-- Task inputs follows --

(* Suppose $\Sigma$ is of type-H. Let $\xi$ be any measure, and let $\lambda,\lambda_1,\lambda_2\in\mathbb R$. Define $q_\xi^*=c_{\xi00}-(c_{\xi01},c_{\xi02})\,Q_\xi^+\,(c_{\xi10},c_{\xi20})'$ and, with $\ell_\lambda=(1,\lambda,\lambda)'$, $\ell_2=(0,1,1)'$, $q_{\xi,2}^*=\ell_\lambda'V_\xi\ell_\lambda-(\ell_\lambda'V_\xi\ell_2)^2(\ell_2'V_\xi\ell_2)^+$. Then $q_{\xi,2}^*=q_\xi^*$. Moreover, if $1+2\lambda\ne0$ and $1+\lambda_1+\lambda_2\ne0$, define, with $\ell_3=(2,-1,-1)'$, $q_{\xi,3}^*=\ell_\lambda'V_\xi\ell_\lambda-(\ell_\lambda'V_\xi\ell_3)^2(\ell_3'V_\xi\ell_3)^+$, and with $\ell=(1,\lambda_1,\lambda_2)'$, $\ell_0=(-1,1+\lambda_2,-\lambda_2)'$, $\ell_1=(-1,-\lambda_1,1+\lambda_1)'$, $L_0=(\ell_0,\ell_1)$, $q_{\xi,1}^*=\ell'V_\xi\ell-\ell'V_\xi L_0(L_0'V_\xi L_0)^+L_0'V_\xi\ell$. Then $(1+2\lambda)^{-2}q_{\xi,3}^*=(1+\lambda_1+\lambda_2)^{-2}q_{\xi,1}^*$.
   Context: Fix integers $k\ge 2$ and $t\ge 2$. Let $\mathcal S$ be the set of all $t^k$ sequences $s=(t_1,\dots,t_k)$ with entries $t_j\in\{1,\dots,t\}$. For $s\in\mathcal S$ let $T_s$ be the $k\times t$ matrix with $(j,i)$ entry equal to $1$ if $t_j=i$ and $0$ otherwise; let $H$ be the $k\times k$ matrix with $(i,j)$ entry $1$ if $i\equiv j+1\pmod k$ and $0$ otherwise; put $L_s=HT_s$, $R_s=H'T_s$ (a prime denotes transpose). Let $\Sigma$ be a fixed $k\times k$ positive definite matrix, $1_k$ the all-ones vector, and $\tilde B=\Sigma^{-1}-\Sigma^{-1}1_k1_k'\Sigma^{-1}/(1_k'\Sigma^{-1}1_k)$. With $G_0=T_s,G_1=L_s,G_2=R_s$ define for $0\le i,j\le 2$ the $t\times t$ matrices $C_{sij}=G_i'\tilde BG_j$. A measure is a vector $\xi=(p_s)_{s\in\mathcal S}$ with $p_s\ge0$, $\sum_sp_s=1$. Put $C_{\xi ij}=\sum_sp_sC_{sij}$, $c_{\xi ij}=\operatorname{tr}(C_{\xi ij})$, $V_\xi=(c_{\xi ij})_{0\le i,j\le2}$, $Q_\xi=(c_{\xi ij})_{1\le i,j\le2}$. $M^+$ denotes the Moore–Penrose inverse (for a scalar $a$, $a^+=1/a$ if $a\ne0$ and $0^+=0$). The matrix $\Sigma$ is of type-H if $\Sigma=I_k+\eta1_k'+1_k\eta'$ for some $\eta\in\mathbb R^k$ (and is positive definite). *)

From HB Require Import structures.
From Stdlib Require Import ClassicalEpsilon.
From mathcomp Require Import all_boot all_order all_algebra.
Set Implicit Arguments. Unset Strict Implicit. Unset Printing Implicit Defensive.
Import Order.TTheory GRing.Theory Num.Theory.
Local Open Scope ring_scope.

Section Defs.
Variable R : realFieldType.

Definition is_MP (m n : nat) (A : 'M[R]_(m, n)) (X : 'M[R]_(n, m)) : Prop :=
  [/\ A *m X *m A = A, X *m A *m X = X,
      (A *m X)^T = A *m X & (X *m A)^T = X *m A].

Definition pinv (m n : nat) (A : 'M[R]_(m, n)) : 'M[R]_(n, m) :=
  epsilon (inhabits 0) (is_MP A).

Definition posdef (k : nat) (S : 'M[R]_k) : Prop :=
  S^T = S /\ forall x : 'cV[R]_k, x != 0 -> 0 < (x^T *m S *m x) 0 0.

Definition ones (k : nat) : 'cV[R]_k := const_mx 1.

Definition typeH (k : nat) (S : 'M[R]_k) : Prop :=
  posdef S /\ exists eta : 'cV[R]_k,
    S = 1%:M + eta *m (ones k)^T + ones k *m eta^T.

(* sequences s = (t_1..t_k) with entries in {1..t}, encoded 0-based *)
Definition seqs (k t : nat) := {ffun 'I_k -> 'I_t}.

Definition Tmat (k t : nat) (s : seqs k t) : 'M[R]_(k, t) :=
  \matrix_(j < k, i < t) (s j == i)%:R.

Definition Hmat (k : nat) : 'M[R]_k :=
  \matrix_(i < k, j < k) (val i == ((val j).+1 %% k)%N)%:R.

Definition Lmat k t (s : seqs k t) : 'M[R]_(k, t) := Hmat k *m Tmat s.
Definition Rmat k t (s : seqs k t) : 'M[R]_(k, t) := (Hmat k)^T *m Tmat s.

Definition Btilde (k : nat) (S : 'M[R]_k) : 'M[R]_k :=
  invmx S - ((((ones k)^T *m invmx S *m ones k) 0 0)^-1)
            *: (invmx S *m ones k *m (ones k)^T *m invmx S).

Definition Gmat k t (s : seqs k t) (i : 'I_3) : 'M[R]_(k, t) :=
  if val i == 0%N then Tmat s else if val i == 1%N then Lmat s else Rmat s.

Definition Cs k t (S : 'M[R]_k) (s : seqs k t) (i j : 'I_3) : 'M[R]_t :=
  (Gmat s i)^T *m Btilde S *m Gmat s j.

Definition is_measure k t (p : seqs k t -> R) : Prop :=
  (forall s, 0 <= p s) /\ \sum_s p s = 1.

Definition Cxi k t (S : 'M[R]_k) (p : seqs k t -> R) (i j : 'I_3) : 'M[R]_t :=
  \sum_s p s *: Cs S s i j.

-- Task inputs concluded --

**Exercise instructions**: Begin with the line holding "Local Open Scope ring_scope." and end with the last line of the material. Copy all of them exactly.

**Response to the task**:
Local Open Scope ring_scope.

Section Defs.
Variable R : realFieldType.

Definition is_MP (m n : nat) (A : 'M[R]_(m, n)) (X : 'M[R]_(n, m)) : Prop :=
  [/\ A *m X *m A = A, X *m A *m X = X,
      (A *m X)^T = A *m X & (X *m A)^T = X *m A].

Definition pinv (m n : nat) (A : 'M[R]_(m, n)) : 'M[R]_(n, m) :=
  epsilon (inhabits 0) (is_MP A).

Definition posdef (k : nat) (S : 'M[R]_k) : Prop :=
  S^T = S /\ forall x : 'cV[R]_k, x != 0 -> 0 < (x^T *m S *m x) 0 0.

Definition ones (k : nat) : 'cV[R]_k := const_mx 1.

Definition typeH (k : nat) (S : 'M[R]_k) : Prop :=
  posdef S /\ exists eta : 'cV[R]_k,
    S = 1%:M + eta *m (ones k)^T + ones k *m eta^T.

(* sequences s = (t_1..t_k) with entries in {1..t}, encoded 0-based *)
Definition seqs (k t : nat) := {ffun 'I_k -> 'I_t}.

Definition Tmat (k t : nat) (s : seqs k t) : 'M[R]_(k, t) :=
  \matrix_(j < k, i < t) (s j == i)%:R.

Definition Hmat (k : nat) : 'M[R]_k :=
  \matrix_(i < k, j < k) (val i == ((val j).+1 %% k)%N)%:R.

Definition Lmat k t (s : seqs k t) : 'M[R]_(k, t) := Hmat k *m Tmat s.
Definition Rmat k t (s : seqs k t) : 'M[R]_(k, t) := (Hmat k)^T *m Tmat s.

Definition Btilde (k : nat) (S : 'M[R]_k) : 'M[R]_k :=
  invmx S - ((((ones k)^T *m invmx S *m ones k) 0 0)^-1)
            *: (invmx S *m ones k *m (ones k)^T *m invmx S).

Definition Gmat k t (s : seqs k t) (i : 'I_3) : 'M[R]_(k, t) :=
  if val i == 0%N then Tmat s else if val i == 1%N then Lmat s else Rmat s.

Definition Cs k t (S : 'M[R]_k) (s : seqs k t) (i j : 'I_3) : 'M[R]_t :=
  (Gmat s i)^T *m Btilde S *m Gmat s j.

Definition is_measure k t (p : seqs k t -> R) : Prop :=
  (forall s, 0 <= p s) /\ \sum_s p s = 1.

Definition Cxi k t (S : 'M[R]_k) (p : seqs k t -> R) (i j : 'I_3) : 'M[R]_t :=
  \sum_s p s *: Cs S s i j.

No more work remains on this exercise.